On the other hand, Texture Quality is not yet very high for either model. Hunyuan generates textures by generating 6 view Multi Views geometry-guided and backprojecting them, which tends to result in some occlusion. Trellis exhibits less occlusion than Hunyuan, but its fidelity is comparatively worse. Additionally, in the case of Hunyuan, it does not perfectly align with the geometry guide, sometimes making seams or artifacts more noticeable than in Trellis.
The clear advantages and disadvantages seem to arise from their respective end-to-end vs. 2-stage pipelines. It is anticipated that subsequent research in 3D Latent Diffusion will emerge, enhancing quality in each of these aspects.
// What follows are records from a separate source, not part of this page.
(* [sup_t (t G - b/2 t² G) = G / (2 b)], attained at [t = 1/b]. *)
Lemma le_mul2_of_quadratic_bound (R : realFieldType) (b G D : R) :
  0 <= b -> 0 <= G -> (forall t, t * G - b / 2 * (t ^+ 2 * G) <= D) ->
  G <= 2 * b * D.
Proof.
move=> b_ge0 G_ge0.
have [->|b_neq0] := eqVneq b 0 => bound.
  have [->|G_neq0] := eqVneq G 0; first by rewrite mulr0 mul0r.
  by have := bound ((D + 1) / G); rewrite divfK // !mul0r subr0; lra.
have b_gt0 : 0 < b by rewrite lt0r b_neq0.
have := bound b^-1.
rewrite (_ : _ - _ = G / (2 * b)); last by field.
by rewrite ler_pdivrMr ?mulr_gt0 // mulrC.
Qed.

Section Smoothness.
Variables (R : realType) (d : nat) (f : 'rV[R]_d -> R) (gradf : 'rV[R]_d -> 'rV[R]_d).
Variable beta : R.
Hypothesis f_grad : is_gradient f gradf.
Hypothesis f_smooth : smooth beta gradf.

Lemma smooth_lt0_eq0 : beta < 0 -> forall v : 'rV[R]_d, v = 0.
Proof.
move=> beta_lt0 v; apply/sqnorm0_eq0; rewrite -sqr_enorm.
have := f_smooth v 0; rewrite subr0.
have := enorm_ge0 (gradf v - gradf 0); have := enorm_ge0 v.
by move=> v_ge0 dv_ge0 lip; rewrite (_ : enorm v = 0) ?expr0n //; nra.
Qed.

Lemma is_derive_line (x h : 'rV[R]_d) (s : R) :
  is_derive s 1 (fun s : R => f (s *: h + x)) (dotv (gradf (s *: h + x)) h).
Proof.
have shiftE :
    (fun t : R => t^-1 *: (((fun s => f (s *: h + x)) \o shift s) (t *: 1)
                          - f (s *: h + x)))
  = (fun t : R => t^-1 *: ((f \o shift (s *: h + x)) (t *: h) - f (s *: h + x))).
  by apply/funext => t /=; rewrite [t *: 1]mulr1 scalerDl addrA.
have [df dfE] := f_grad (s *: h + x).
apply: DeriveDef; first by rewrite /derivable shiftE; exact: diff_derivable.
transitivity ('D_h f (s *: h + x)); first by rewrite /derive shiftE.
by rewrite deriveE // dfE.
Qed.

(* No sign condition on [beta] is needed here. *)
Lemma descent (x h : 'rV[R]_d) :
  f (h + x) <= f x + dotv (gradf x) h + beta / 2 * sqnorm h.
Proof.
set c0 := dotv (gradf x) h; set k := beta / 2 * sqnorm h.
pose psi s := f (s *: h + x) - s * c0 - k * (s * s).
pose dpsi s := dotv (gradf (s *: h + x)) h - c0 - k * (s + s).
have psi_derive (s : R) : is_derive s 1 psi (dpsi s).
  have lin : is_derive s 1 (fun s : R => s * c0) c0.
    have := is_deriveM (is_derive_id s (1 : R)) (is_derive_cst c0 s (1 : R)).
    move/is_derive_eq; apply.
    by rewrite /= scaler0 add0r [_ *: 1]mulr1.
  have quad : is_derive s 1 (fun s : R => k * (s * s)) (k * (s + s)).
    have := is_deriveZ k (is_deriveM (is_derive_id s (1 : R)) (is_derive_id s (1 : R))).
    move/is_derive_eq; apply.
    by rewrite /= [s%:A]mulr1.
  exact: is_deriveB (is_deriveB (is_derive_line x h s) lin) quad.
have [c] : exists2 c, c \in `]0, 1[ & psi 1 - psi 0 = dpsi c * (1 - 0).
  apply: MVT ltr01 (fun s _ => psi_derive s) _.
  by apply: derivable_within_continuous => s _; exact: ex_derive.
rewrite in_itv /= => /andP[c_gt0 c_lt1].
rewrite /psi /dpsi scale1r scale0r add0r subr0 mulr1 !mul0r !mulr0 !subr0 -dotvBl.
have := dotv_le_enorm (gradf (c *: h + x) - gradf x) h.
have := f_smooth (c *: h + x) x; rewrite addrK enormZ gtr0_norm //.
have := enorm_ge0 h; have := enorm_ge0 (gradf (c *: h + x) - gradf x).
rewrite /k -sqr_enorm; nra.
Qed.

Lemma sqnorm_grad_le (fstar : R) : 0 <= beta -> (forall x, fstar <= f x) ->
  forall x, sqnorm (gradf x) <= 2 * beta * (f x - fstar).
Proof.
move=> beta_ge0 f_ge x; apply: le_mul2_of_quadratic_bound (sqnorm_ge0 _) _ => //.
move=> t; have := le_trans (f_ge _) (descent x (- t *: gradf x)).
by rewrite sqnormZ sqrrN dotvC dotvZl mulNr -/(sqnorm _); lra.
Qed.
Finally, I show CaPa's Result :)
Closing
Thus far, I have provided a detailed analysis tracing the evolution of state-of-the-art 3D Latent Diffusion, from the fundamental concepts of ShapeVAE to Trellis and Hunyuan3D.
While the open-source community did not achieve remarkable progress in the 3D field for some time after the emergence of CLAY, recent studies have showcased innovative designs and reached state-of-the-art quality, further fueling anticipation for generative models in the 3D domain.
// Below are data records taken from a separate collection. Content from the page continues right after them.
(* Rows of the shifted diagram, indexed from the top (0-based).
   Rows 0 .. c-1 are the inserted rows: row i has length i+1 (left-justified),
   its diagonal cell is in column i.
   Row c + m is the m-th row of the Ferrers diagram (m-th south step), whose
   length is the number of west steps after that south step. *)
Definition rowlen (w : seq bool) (i : nat) : nat :=
  if i < ncols w then i.+1
  else count negb (drop (nth 0 (spos w) (i - ncols w)).+1 w).

(* the shifted diagram has c + r = size w rows; cells are (row, column), 0-based *)
Definition in_shape (w : seq bool) (i j : nat) : bool :=
  (i < size w) && (j < rowlen w i).

(* A type-B permutation tableau of size n: a boundary word plus a 0/1 filling
   of the n x n grid which is 0 outside the shifted diagram. *)
Definition Tab (n : nat) : finType :=
  (n.-tuple bool * {ffun 'I_n * 'I_n -> bool})%type.

Definition is_Btableau (n : nat) (t : Tab n) : bool :=
  let w := tval t.1 in
  let f := t.2 in
  [&&
      [forall i : 'I_n, forall j : 'I_n, ~~ in_shape w i j ==> ~~ f (i, j)],
      [forall j : 'I_n, (j < ncols w) ==>
          [exists i : 'I_n, in_shape w i j && f (i, j)]],
      [forall i : 'I_n, forall j : 'I_n, (in_shape w i j && ~~ f (i, j)) ==>
          ~~ ([exists i' : 'I_n, (i' < i) && f (i', j)] &&
              [exists j' : 'I_n, (j' < j) && f (i, j')])] &
      [forall i : 'I_n, ((i < ncols w) && ~~ f (i, i)) ==>
          [forall j : 'I_n, ~~ f (i, j)]] ].

Definition Btableaux (n : nat) : {set Tab n} := [set t | is_Btableau t].

Definition double_south (w : seq bool) : nat :=
  \sum_(1 <= k < size w) (nth false w k.-1 && nth false w k).

Definition E_unif (n : nat) (X : Tab n -> nat) : rat :=
  (\sum_(t in Btableaux n) (X t)%:R) / (#|Btableaux n|)%:R.

From mathcomp Require Import all_boot all_order all_algebra.
From mathcomp Require Import zify ring.
Set Implicit Arguments. Unset Strict Implicit. Unset Printing Implicit Defensive.
Import GRing.Theory Num.Theory.

(* Call a row of (w, f) free if a 1 may be put in it when a
   new leftmost column is added, and let nfree w f be the number of free rows.
   The generating polynomial Phi_w(y) = sum_(f valid for w) y ^ nfree w f obeys
     - appending a south step adds an empty, free bottom row:
         Phi_(wS)(y) = y Phi_w(y);
     - appending a west step adds a leftmost column and a top diagonal row; the
       admissible new columns are the nonempty subsets of the free rows plus
       the new top row, and summing over them gives
         Phi_(wW)(y) = sum_f (2y(1+y)^k - y^(k+1)),   k = nfree w f;
   so Phi_(wS)(y) + Phi_(wW)(y) = 2y Phi_w(1+y).  Summing over words of length
   n gives Psi_n(y) = 2^n y(y+1)...(y+n-1), and the sum D_n(y) of Phi_w(y)
   weighted by the number of double south steps of w satisfies a similar
   recursion whose solution is D_(m+2)(y) = 2^m y...(y+m-1) sum_(j<=m) (y+j)^2.
   At y = 1 these count the tableaux and the double south steps, and the
   quotient is (2n-1)/24. *)

Lemma ltn_lift2 n (p : 'I_n.+1) (i j : 'I_n) : (lift p i < lift p j) = (i < j).
Proof. rewrite /= /bump; case: (leqP p i); case: (leqP p j) => /= h1 h2; lia. Qed.

Lemma forall_lift n (p : 'I_n.+1) (P : pred 'I_n.+1) :
  [forall i, P i] = P p && [forall i : 'I_n, P (lift p i)].
Proof.
apply/forallP/andP => [H|[H1 /forallP H2] i]; first by split => //; apply/forallP.
by case: (unliftP p i) => [j ->|->].
Qed.

Lemma exists_lift n (p : 'I_n.+1) (P : pred 'I_n.+1) :
  [exists i, P i] = P p || [exists i : 'I_n, P (lift p i)].
Proof.
apply/existsP/orP => [[i]|[H|/existsP[i H]]]; last 2 first.
- by exists p.
- by exists (lift p i).
by case: (unliftP p i) => [j ->|->] H; [right; apply/existsP; exists j|left].
Qed.

Lemma forall_liftE n (p : 'I_n.+1) (P : pred 'I_n.+1) Q1 (Q2 : pred 'I_n) :
  P p = Q1 -> (forall i, P (lift p i) = Q2 i) -> [forall i, P i] = Q1 && [forall i, Q2 i].
Proof. by move=> h1 h2; rewrite (forall_lift p) h1; congr (_ && _); apply: eq_forallb. Qed.

Lemma forall_andb (T : finType) (P Q : pred T) :
  [forall x, P x && Q x] = [forall x, P x] && [forall x, Q x].
Proof.
apply/forallP/andP => [H|[/forallP H1 /forallP H2] x]; last by rewrite H1 H2.
by split; apply/forallP => x; case/andP: (H x).
Qed.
Personally, Hunyuan's application of proven designs from Flux, MV-Adapter, and other works to the 3D generation scheme is particularly impressive. It reinforces the notion that to conduct impactful research, one must remain attentive to research trends in other fields.
Finally, recent research, led by MeshAnything, is attracting attention by focusing on the auto-regressive generation of mesh faces to create what are termed "Artistic-Created Meshes" (these studies also utilize the ShapeVAE latent space). However, due to its auto-regressive nature, this approach is time-consuming, and the quality is not yet satisfactory; therefore, it seems prudent to observe its development for the time being.